# Sunfire's Desert Fox CGC



## tippykayak (Oct 27, 2008)

Hooray, hooray!


----------



## Ljilly28 (Jan 22, 2008)

Good boy, Brady! Congratulations.


----------



## hotel4dogs (Sep 29, 2008)

I'm sure only the first of many! Great job Brady!
I can't believe he's already 9 months old. Wow.


----------



## Mayve (Aug 21, 2012)

*:appl:**:appl:**:appl:

Congratulations....great news
*


----------



## Hombrespop (Sep 3, 2012)

Awesome!!!


Sent from Petguide.com App


----------



## Sally's Mom (Sep 20, 2010)

Congrats, better than my nine month old( although in fairness to her she has a UKC Ch in very minimal showing )... You must be having fun!!!


----------



## Nairb (Feb 25, 2012)

Quite a day for the Sunrise household. Great job!

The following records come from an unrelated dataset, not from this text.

(* Let $L$ be an infinite set and let $Q$ be either the edgeless cube $Q_L$ or the edged cube $\bar Q_L$. If $s$ is a universally convergent basic sequence and $f$ is the terminal labelling obtained by applying $s$ to the identity labelling of $Q$, then $f:Q\to Q$ is a bijection, and $f(C)=C$ for every cluster $C$.
   Context: Let $L$ be an infinite set, $-L=\{-r:r\in L\}$ a disjoint copy of $L$, and $0$ a new element; $L^\dagger=-L\cup\{0\}\cup L$ with $-(-r)=r$, $-0=0$. Adjoin $\pm\infty$ with $-(+\infty)=-\infty$ and set $\bar L^\dagger=L^\dagger\cup\{\pm\infty\}$. Points of $U=(\bar L^\dagger)^3$ have coordinates $x,y,z$. The edgeless cube $Q_L$ is the set of points of $U$ with exactly one coordinate in $\{\pm\infty\}$ (cells). The edged cube $\bar Q_L$ is the set of cells $(p,i)$ with $p\in U$, $i\in\{x,y,z\}$, $p_i\in\{\pm\infty\}$ ($i$ marks the face). For $i\in\{x,y,z\}$, $\alpha\in\bar L^\dagger$, the quarter-turn twist $T_{i,\alpha}$ is the permutation of cells fixing every cell whose point $p$ has $p_i\ne\alpha$ and acting on the others by $T_{x,\alpha}(\alpha,y,z)=(\alpha,-z,y)$, $T_{y,\alpha}(x,\alpha,z)=(z,\alpha,-x)$, $T_{z,\alpha}(x,y,\alpha)=(-y,x,\alpha)$ (in $\bar Q_L$ the marked coordinate is carried along by the rotation). Basic twists are $T,T^2,T^3$ for quarter-turn twists $T$. A basic sequence is a sequence $\langle\sigma_\eta:\eta<\theta\rangle$ of basic twists of ordinal length $\theta$. A labelling is a map $f$ from cells to $X\cup\{\mathrm{NaC}\}$ for a set $X\not\ni\mathrm{NaC}$; it is legal if it never takes value NaC. A twist $\sigma$ acts by $(\sigma f)(c)=f(\sigma^{-1}c)$. Applying $\langle\sigma_\eta:\eta<\theta\rangle$ to $f_0$ produces $f_{\eta+1}=\sigma_\eta f_\eta$, and for limit $\lambda\le\theta$, $f_\lambda(c)$ is the eventually constant value of $f_\eta(c)$ ($\eta<\lambda$) if it exists and NaC otherwise; $f_\theta$ is the terminal labelling. The identity labelling labels each cell by itself (values in the set of cells); a basic sequence is universally convergent if its terminal labelling from the identity labelling is legal. The cluster of a cell is its orbit under the group generated by all quarter-turn twists. *)

From Stdlib Require Import ClassicalEpsilon Relations List.
Set Implicit Arguments.

Inductive Ldag (L : Type) := LNeg (r : L) | LZero | LPos (r : L).
Arguments LZero {L}.
Inductive Lbar (L : Type) := Fin (a : Ldag L) | PInf | MInf.
Arguments PInf {L}. Arguments MInf {L}.

Definition negd L (a : Ldag L) : Ldag L :=
  match a with LNeg r => LPos r | LZero => LZero | LPos r => LNeg r end.
Definition negbar L (a : Lbar L) : Lbar L :=
  match a with Fin b => Fin (negd b) | PInf => MInf | MInf => PInf end.
Definition is_inf L (a : Lbar L) : bool :=
  match a with Fin _ => false | _ => true end.

Definition point L := (Lbar L * Lbar L * Lbar L)%type.
Inductive axis := AX | AY | AZ.

Definition coord L (p : point L) (i : axis) : Lbar L :=
  match p, i with
  | (x, _, _), AX => x | (_, y, _), AY => y | (_, _, z), AZ => z end.

Definition rotp L (i : axis) (p : point L) : point L :=
  match p with (x, y, z) =>
  match i with
  | AX => (x, negbar z, y)
  | AY => (z, y, negbar x)
  | AZ => (negbar y, x, z)
  end end.

(* how the marked face coordinate is carried along by the rotation *)
Definition rotm (i m : axis) : axis :=
  match i, m with
  | AX, AY => AZ | AX, AZ => AY
  | AY, AX => AZ | AY, AZ => AX
  | AZ, AX => AY | AZ, AY => AX
  | _, m => m end.

Inductive cube_kind := Edgeless | Edged.

Definition raw L (k : cube_kind) : Type :=
  match k with Edgeless => point L | Edged => (point L * axis)%type end.

Definition raw_pt L (k : cube_kind) : raw L k -> point L :=
  match k with Edgeless => fun p => p | Edged => fun q => fst q end.

Definition b2n (b : bool) : nat := if b then 1 else 0.

Definition raw_ok L (k : cube_kind) : raw L k -> bool :=
  match k with
  | Edgeless => fun p =>
      Nat.eqb (b2n (is_inf (coord p AX)) + b2n (is_inf (coord p AY))
               + b2n (is_inf (coord p AZ))) 1
  | Edged => fun q => is_inf (coord (fst q) (snd q))
  end.

Definition cell L (k : cube_kind) := { c : raw L k | @raw_ok L k c = true }.
Arguments raw_ok {L} k _.
Arguments raw_pt {L} k _.

Definition raw_rot L (k : cube_kind) (i : axis) : raw L k -> raw L k :=
  match k with
  | Edgeless => fun p => rotp i p
  | Edged => fun q => (rotp i (fst q), rotm i (snd q))
  end.

Arguments raw_rot {L} k i _.

Lemma is_inf_neg L (a : Lbar L) : is_inf (negbar a) = is_inf a.
Proof. destruct a; reflexivity. Qed.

Sent from Petguide.com Free App


----------



## inge (Sep 20, 2009)

Congratulations!


----------



## Titan1 (Jan 19, 2010)

Congrats to the baby dog! Way to go.


----------



## TheZ's (Jun 13, 2011)

Congrats to you and Brady!


----------



## hollyk (Feb 21, 2009)

Go Brady! Congrats.


----------



## Vhuynh2 (Feb 13, 2012)

Good job Brady!


Sent from Petguide.com App


----------



## Augie's Mom (Sep 28, 2007)

Way to go Brady!!!


----------



## OnMyWay2MyDreams (Feb 13, 2011)

Congrats Brady! I still want to do with Lilly but not sure if she could pass the greeting parts. Are you allowed to tell them to sit or stay when greeting a person or dog?


----------



## AmberSunrise (Apr 1, 2009)

Thanks  yes, you can talk to them the entire time and cue them to sit, stand, down and stay whichever you are most comfortable with. I was caught a bit by surprise because until yesterday Brady has never been downed from a sit and that was one of the tests - he thought about it and figured down must still be down LOL Actually a friend had been playing games with him under the tent shortly before the test and had done sit to down as well 



OnMyWay2MyDreams said:


> Congrats Brady! I still want to do with Lilly but not sure if she could pass the greeting parts. Are you allowed to tell them to sit or stay when greeting a person or dog?


----------



## OnMyWay2MyDreams (Feb 13, 2011)

Well maybe we can do it..will have to do some trial runs first.


----------



## MaureenM (Sep 20, 2011)

Congratulations Brady on a job well done!!! We're getting ready to try it, in about a week and a half. My big concern is those greetings. Looking back now, I think I should have focused a lot more on socialization from the get go. We go to classes every week, and work daily on obedience, but I should have included frequent situations where she meets new people. If we don't get it, it'll be anther good learning experience. I'm looking forward to it either way


----------



## AmberSunrise (Apr 1, 2009)

I was a bit surprised Brady wanted to visit - usually he doesn't care much for other people but the evaluator was bending towards him with her hands outstretched so I think he thought it was an invitation - a quick sit cue saved the day


----------



## solinvictus (Oct 23, 2008)

Good job Brady!!!!!


----------



## sammydog (Aug 23, 2008)

Woot woot! That first title is so special!


----------